[[ Records for this exercise open ]]

(* Unconditionality: Theta_M is stable under restricting vectors to any set of coordinates,
   since each closure rule commutes with restriction; so the gauge ||.||_M, and with it
   ||.||_T, can only decrease under restriction. Positivity of ||z_eta||_T holds because
   Theta_M lies in the unit ball of the sup norm.

   Shrinking: if a bounded functional f were not eps-approximated by finitely many
   coordinate functionals, then beyond every level there would be vectors y of norm at
   most 1 with f y >= eps. Three vectors supported on successive blocks of levels are
   admissible for every M_T(sigma), because M_T(sigma) contains all sets of at most three
   positive integers; so their sum has norm at most twice the largest norm, while f of it
   is the sum of the three values. Iterating gives x_j with ||x_j||_T <= 2^j and
   f x_j >= 3^j eps, which contradicts the boundedness of f. Nothing here uses that T is
   a tree. *)

Lemma admissible_disjoint {M n E j k i} : admissible M n E -> (j < k < n)%N ->
  i \in E j -> i \in E k -> False.
Proof.
case=> F [_ [m [_ [E_neq0 [m_le m_gt]]]]] /andP[jk kn] iEj iEk.
have m_incr l : (l.+1 < n)%N -> (m l < m l.+1)%N.
  move=> ln; have := E_neq0 l (ltnW ln).
  case El: (E l) => [|i' s] // _; have i'El : i' \in E l by rewrite El mem_head.
  exact: leq_ltn_trans (m_le _ _ (ltnW ln) i'El) (m_gt _ _ ln i'El).
have m_mono d : (j.+1 + d < n)%N -> (m j.+1 <= m (j.+1 + d))%N.
  elim: d => [|d IHd] jdn; first by rewrite addn0.
  rewrite addnS in jdn *; exact: leq_trans (IHd (ltnW jdn)) (ltnW (m_incr _ jdn)).
have := m_mono (k - j.+1)%N; rewrite subnKC // => /(_ kn) mjk.
have := m_gt _ _ (leq_ltn_trans jk kn) iEj; have := m_le _ _ kn iEk; lia.
Qed.

Lemma ler_sum_mem {R : numDomainType} {I : eqType} {r : seq I} {i : I} (F : I -> R) :
  (forall j, 0 <= F j) -> i \in r -> F i <= \sum_(j <- r) F j.
Proof.
move=> F_ge0; elim: r => // j r IHr; rewrite inE big_cons => /predU1P[->|ir].
  by rewrite lerDl sumr_ge0.
by rewrite (le_trans (IHr ir)) // lerDr.
Qed.

Definition supported_in {R : realType} (v : nat -> R) (a b : nat) :=
  forall l, v l != 0 -> (a <= l < b)%N.

Definition gauge_set {R : realType} (M : set (set nat)) (v : nat -> R) : set R :=
  [set t | 0 < t /\ Theta M (fun i => t^-1 * v i)].

Section Theta.
Context {R : realType} {M : set (set nat)}.
Implicit Types (v w : nat -> R).

Lemma Theta_e {i} : (0 < i)%N -> Theta M (e R i).
Proof. by move=> i_gt0 S [Se _]; apply: Se. Qed.

Lemma Theta_comb {v w} a b : Theta M v -> Theta M w -> `|a| + `|b| <= 1 ->
  Theta M (fun i => a * v i + b * w i).
Proof.
by move=> Tv Tw ab S SM; case: (SM) => _ [Scomb _]; apply: Scomb; [apply: Tv | apply: Tw |].
Qed.

Lemma Theta_adm {n} {v : nat -> nat -> R} {E} :
  (forall k, (k < n)%N -> Theta M (v k)) -> admissible M n E ->
  Theta M (fun i => 2^-1 * \sum_(k < n) (if i \in E k then v k i else 0)).
Proof. by move=> Tv adm S SM; case: (SM) => _ [_ Sadm]; apply: Sadm => // k kn; apply: Tv. Qed.

Lemma eq_Theta {v} w : Theta M v -> v =1 w -> Theta M w.
Proof. by move=> Tv /funext <-. Qed.

Lemma Theta_scale {v} c : Theta M v -> `|c| <= 1 -> Theta M (fun i => c * v i).
Proof.
move=> Tv c_le1; apply: eq_Theta (Theta_comb c 0 Tv Tv _) _; first by rewrite normr0 addr0.
by move=> i; rewrite mul0r addr0.
Qed.

Lemma Theta0 : Theta M (fun _ => 0 : R).
Proof.
apply: eq_Theta (Theta_scale 0 (Theta_e (ltn0Sn 0)) _) _; first by rewrite normr0.
by move=> i; rewrite mul0r.
Qed.

Lemma Theta_mask {v} (D : pred nat) : Theta M v -> Theta M (fun i => if D i then v i else 0).
Proof.
move=> Tv; move: D.
apply: (Tv (fun v => forall D : pred nat, Theta M (fun i => if D i then v i else 0))).
split; [|split].
- move=> i i_gt0 D; case: (boolP (D i)) => Di.
    apply: eq_Theta (Theta_e i_gt0) _ => j.
    by rewrite /e; case: eqP => [->|_]; rewrite ?Di ?if_same.
  apply: eq_Theta Theta0 _ => j.
  by rewrite /e; case: eqP => [->|]; rewrite ?(negbTE Di) ?if_same.
- move=> x y a b Tx Ty ab D; apply: eq_Theta (Theta_comb a b (Tx D) (Ty D) ab) _.
  by move=> i; case: (D i); rewrite ?mulr0 ?addr0.
- move=> n x E Tx adm D; apply: eq_Theta (Theta_adm (fun k kn => Tx k kn D) adm) _.
  move=> i; case: (D i) => //.
  by rewrite big1 ?mulr0 // => k _; rewrite if_same.
Qed.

[[ Records for this exercise closed ]]

• What you will do
Wherever the string "ltnW" appears in the entries above, list that line.

• Written answer
  move=> ln; have := E_neq0 l (ltnW ln).
  exact: leq_ltn_trans (m_le _ _ (ltnW ln) i'El) (m_gt _ _ ln i'El).
  rewrite addnS in jdn *; exact: leq_trans (IHd (ltnW jdn)) (ltnW (m_incr _ jdn)).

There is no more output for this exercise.